Рефельс, запыхавшись, догнал его и зашагал рядом. Юлиан спохватился и бросился догонять отца.

Те двое ушли уже далеко: свернув за угол, Юлиан увидел их метрах в двухстах пятидесяти. Он узнал их среди толпы только по большой дорожной сумке.

Как ни старался Юлиан бежать быстро, встречный поток посетителей тормозил его и Рефельса.

Они привлекали к себе всеобщее внимание, мальчик чувствовал на себе изумленные взгляды и понимал их причину. Должно быть, их с Рефельсом одежда казалась этим людям странной, даже более странной, чем их одежда казалась Юлиану с Рефельсом. Ведь он не раз видел их моду хотя бы на картинках, тогда как им его стиль был совершенно незнаком.

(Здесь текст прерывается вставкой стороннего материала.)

(* For [k >= 1], [omega (k + 1)] is a cube root of [omega k]; writing
   [F(x) = F0(x^3) + x F1(x^3) + x^2 F2(x^3)] and grouping the conjugates
   [t, t c, t c^2] ([c] a primitive cube root of unity) gives
   [N_{k+1}(F) = N_k(F0^3 + x F1^3 + x^2 F2^3 - 3 x F0 F1 F2)].
   For [F = 1 + (x - 1)^e h] with [e = 5] or [7] and
   [h = h0(x^3) + x h1(x^3) + x^2 h2(x^3)], the new argument is
   [1 + (x - 1)^e h'] modulo [3] and [(x - 1)^(e + 1)], where
   [h'(1) = a^3 + b^3 + c^3 - 3abc = a + b + c = h(1)] modulo [3] for
   [(a, b, c) = (h0(1), h1(1), h2(1))].  For [k >= 2], [3] lies in the ideal
   generated by [Phi_{3^k}] and [(x - 1)^6], so the congruence even holds modulo
   [Phi_{3^k}], which [N_k] does not see; iterating descends from level [i] to
   any level [j >= 2].  From level [2] to level [1], the relations
   [3 = - x^2 (x - 1)^2] modulo [Phi_3] and [N_1(1 - x) = 3] produce the form
   [1 - x + 9 (A + B (1 - x))] with [A = h(1)] modulo [3].
   Finally, [omega k] is a primitive [3^k]-th root of unity because [n.-root]
   picks the root of minimal argument. *)

(* Read [x + i y = e^{i phi}] with [0 <= phi <= pi] and [s = sqrt 3]: the
   middle hypotheses say [cos phi <= cos 3 phi] and [0 <= sin 3 phi], which
   leave only [phi = 0] or [phi >= 2 pi / 3]; in the latter case
   [e^{i (phi - 2 pi / 3)}] is a cube root of [e^{3 i phi}] in the upper half
   plane with a larger real part, which the last hypothesis forbids. *)
Lemma cube_root_angle_contra (R : realFieldType) (x y s : R) :
  x ^+ 2 + y ^+ 2 = 1 -> 0 <= y -> 0 <= s -> s ^+ 2 = 3 -> x != 1 ->
  x <= x ^+ 3 - 3 * x * y ^+ 2 -> 0 <= 3 * x ^+ 2 * y - y ^+ 3 ->
  (0 <= - x * s - y -> - x + y * s <= 2 * x) -> False.
Proof.
move=> xy1 y_ge0 s_ge0 s2 x_neq1 cos3 sin3 rot.
have [x_le0 y2_le] : x <= 0 /\ y ^+ 2 <= 3 * x ^+ 2.
  have [y0|y_neq0] := eqVneq y 0; last first.
    have y_gt0 : 0 < y by rewrite lt_def y_neq0.
    split; nra.
  subst y; split; last nra.
  have : (x - 1) * (x + 1) = 0 by nra.
  move/eqP; rewrite mulf_eq0 subr_eq0 (negbTE x_neq1) addr_eq0 => /eqP ->; lra.
have y_le : y <= - x * s.
  by rewrite -(@ler_pXn2r _ 2) ?nnegrE //; nra.
have := rot ltac:(lra); nra.
Qed.

Lemma expr3_Crect (x y : algC) :
  (x + 'i * y) ^+ 3 = (x ^+ 3 - 3 * x * y ^+ 2) + 'i * (3 * x ^+ 2 * y - y ^+ 3).
Proof. by ring: (@sqrCi algC). Qed.

(* [3.-root r * e^{- 2 i pi / 3}] is another cube root of [r]. *)
Lemma Re_rootC3_rot (r : algC) :
  0 <= - 'Re (3.-root r) * sqrtC 3 - 'Im (3.-root r) ->
  - 'Re (3.-root r) + 'Im (3.-root r) * sqrtC 3 <= 2 * 'Re (3.-root r).
Proof.
set z := 3.-root r; set s := sqrtC 3 => Imw.
have [Rx Ry] := (Creal_Re z, Creal_Im z).
set x := 'Re z in Rx Imw *; set y := 'Im z in Ry Imw *.
have Rs : s \is Num.real by rewrite ger0_real ?sqrtC_ge0 ?ler0n.
have s2 : s ^+ 2 = 3 by rewrite sqrtCK.
have [Ru Rv] : (- x + y * s) / 2 \is Num.real /\ (- x * s - y) / 2 \is Num.real.
  by split; apply: realM; rewrite ?realV ?realn //;
    [apply: realD; rewrite ?realN ?realM | apply: realB; rewrite ?realM ?realN].
have Ew : z * ((-1 - 'i * s) / 2) = (- x + y * s) / 2 + 'i * ((- x * s - y) / 2).
  by rewrite [z]Crect -/x -/y; ring: (@sqrCi algC).
have w3 : (z * ((-1 - 'i * s) / 2)) ^+ 3 = r.
  have c3 : (-1 - 'i * s) ^+ 3 = 2 ^+ 3 by ring: (@sqrCi algC) s2.
  by rewrite exprMn expr_div_n c3 divff ?mulr1 ?expf_neq0 ?pnatr_eq0 // rootCK.
have := rootC_Re_max (isT : (0 < 3)%N) w3.
rewrite Ew Re_rect // Im_rect // divr_ge0 ?ler0n // => /(_ isT).
by rewrite -/z -/x ler_pdivrMr ?ltr0n // [x * _]mulrC.
Qed.

Lemma rootCN1_expr_neqN1 (m : nat) : (0 < m)%N ->
  ((3 * m)%N.-root (-1 : algC)) ^+ m != -1.
Proof.
move=> m_gt0; set r := _.-root _; apply/eqP => rm.
have n_gt1 : (1 < 3 * m)%N by rewrite (@leq_trans 3) // leq_pmulr.
have n_gt0 := ltnW n_gt1.
(* By [rm], [z = 3.-root r] is itself a [3m]-th root of [-1] in the upper half
   plane, hence has no larger real part than [r]. *)
set z := 3.-root r.
have z3 : z ^+ 3 = r by rewrite rootCK.
have zn : z ^+ (3 * m) = -1 by rewrite exprM z3.
have [Rx Ry] := (Creal_Re z, Creal_Im z).
set x := 'Re z in Rx *; set y := 'Im z in Ry *.
have Ez : z = x + 'i * y by rewrite /x /y -Crect.
pose s : algC := sqrtC 3.
have [s_ge0 s2] : 0 <= s /\ s ^+ 2 = 3 by rewrite sqrtC_ge0 ler0n sqrtCK.
have Rs : s \is Num.real by rewrite ger0_real.
have xy1 : x ^+ 2 + y ^+ 2 = 1.
  have z1 : `|z| = 1.
    by apply/eqP; rewrite -(@pexpr_eq1 _ _ (3 * m)) // -normrX zn normrN normr1.
  by rewrite -normC2_rect // -Ez z1 expr1n.
have y_ge0 : 0 <= y by apply: Im_rootC_ge0.
have Er : r = (x ^+ 3 - 3 * x * y ^+ 2) + 'i * (3 * x ^+ 2 * y - y ^+ 3).
  by rewrite -z3 Ez expr3_Crect.
have [Rr1 Rr2] :
    x ^+ 3 - 3 * x * y ^+ 2 \is Num.real /\ 3 * x ^+ 2 * y - y ^+ 3 \is Num.real.
  by split; rewrite realB ?realM ?realX ?realn.
have cos3 : x <= x ^+ 3 - 3 * x * y ^+ 2.
  by rewrite -(Re_rect Rr1 Rr2) -Er; apply: rootC_Re_max zn y_ge0.
have sin3 : 0 <= 3 * x ^+ 2 * y - y ^+ 3.
  by rewrite -(Im_rect Rr1 Rr2) -Er; apply: Im_rootC_ge0.
have rot : 0 <= - x * s - y -> - x + y * s <= 2 * x := @Re_rootC3_rot r.
have x_neq1 : x != 1.
  apply/eqP => x1; have y0 : y = 0.
    apply/eqP; rewrite -sqrf_eq0; apply/eqP.
    by rewrite -(subrr 1) -{1}xy1 x1 expr1n [1 + _]addrC addrK.
  move: zn; rewrite Ez x1 y0 mulr0 addr0 expr1n => /eqP.
  by rewrite -subr_eq0 opprK (eqr_nat _ 2 0).
(* Conclude in the real field [algR], where [nra] applies. *)
apply: (@cube_root_angle_contra algR (in_algR Rx) (in_algR Ry) (in_algR Rs));
  rewrite //=.
all: by apply: val_inj; rewrite /= -!expr2.
Qed.

Lemma omega_prim k : (0 < k)%N -> (3 ^ k)%N.-primitive_root (omega k).
Proof.
move=> k_gt0; set r := (3 ^ k)%N.-root (-1 : algC).
have En : (3 ^ k = 3 * 3 ^ k.-1)%N by rewrite -expnS prednK.
have rn : r ^+ (3 ^ k) = -1 by rewrite rootCK ?expn_gt0.
have wn : omega k ^+ (3 ^ k) = 1 by rewrite /omega -exprM mulnC exprM rn sqrrN expr1n.
have [d d_prim d_dvd] := prim_order_exists (expn_gt0 3 k) wn.
have [a a_le Ed] : exists2 a, (a <= k)%N & d = (3 ^ a)%N by exact/dvdn_pfactor.
rewrite {}Ed in d_prim.
have [Ea | a_neq] := eqVneq a k; first by rewrite Ea in d_prim.
have : omega k ^+ (3 ^ k.-1) == 1.
  rewrite -(prim_order_dvd d_prim) dvdn_exp2l // -ltnS prednK //.
  by rewrite ltn_neqAle a_neq a_le.
rewrite /omega -exprM mulnC exprM -/r sqrf_eq1 => /orP[/eqP r1 | /eqP rN1].
  move: rn; rewrite En mulnC exprM r1 expr1n => /eqP.
  by rewrite -subr_eq0 opprK (eqr_nat _ 2 0).
by have := rootCN1_expr_neqN1 (expn_gt0 3 k.-1); rewrite -En -/r rN1 eqxx.
Qed.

Гордон с отцом свернули с оживленного центрального пути и скрылись в боковом переулке. Юлиан прибавил темп и подоспел к повороту как раз вовремя, чтобы увидеть, как отец и Гордон вошли в артистический ва­гончик на деревянных колесах. К двери вела деревянная лесенка. Гордон задержался на ней и окинул окрестность опасливым взглядом. Юлиан отпрянул за угол. И только когда Гордон окончательно затворил за собой дверь, Юлиан и Рефельс подошли поближе.

Добравшись до двери, Юлиан приложил к ней ухо, чтобы послушать, что происходит внутри.

— ...Еще немного времени, — говорил Гордон. — Поезд будет только через три часа, а на пролетке мы доберемся до вокзала за десять минут.

— И тем не менее, — возразил отец, — давай скорее вы­бираться отсюда. Если мы не возьмем извозчика...

— ...то за полчаса доберемся пешком, — перебил его Гордон и тихо засмеялся: — Чего ты так нервничаешь?

— Ты прекрасно знаешь чего! — прикрикнул на него отец.

Юлиан не помнил его таким раздраженным. Но здесь была не одна только нервозность. Что-то еще... Страх? — пытался разгадать Юлиан.

— Я не хочу здесь оставаться, — продолжал отец. — Это место действует мне на нервы. Нам нельзя было сюда возвращаться. Проклятье, как же так получилось?

— Я уже объяснял тебе, — со вздохом сказал Гордон.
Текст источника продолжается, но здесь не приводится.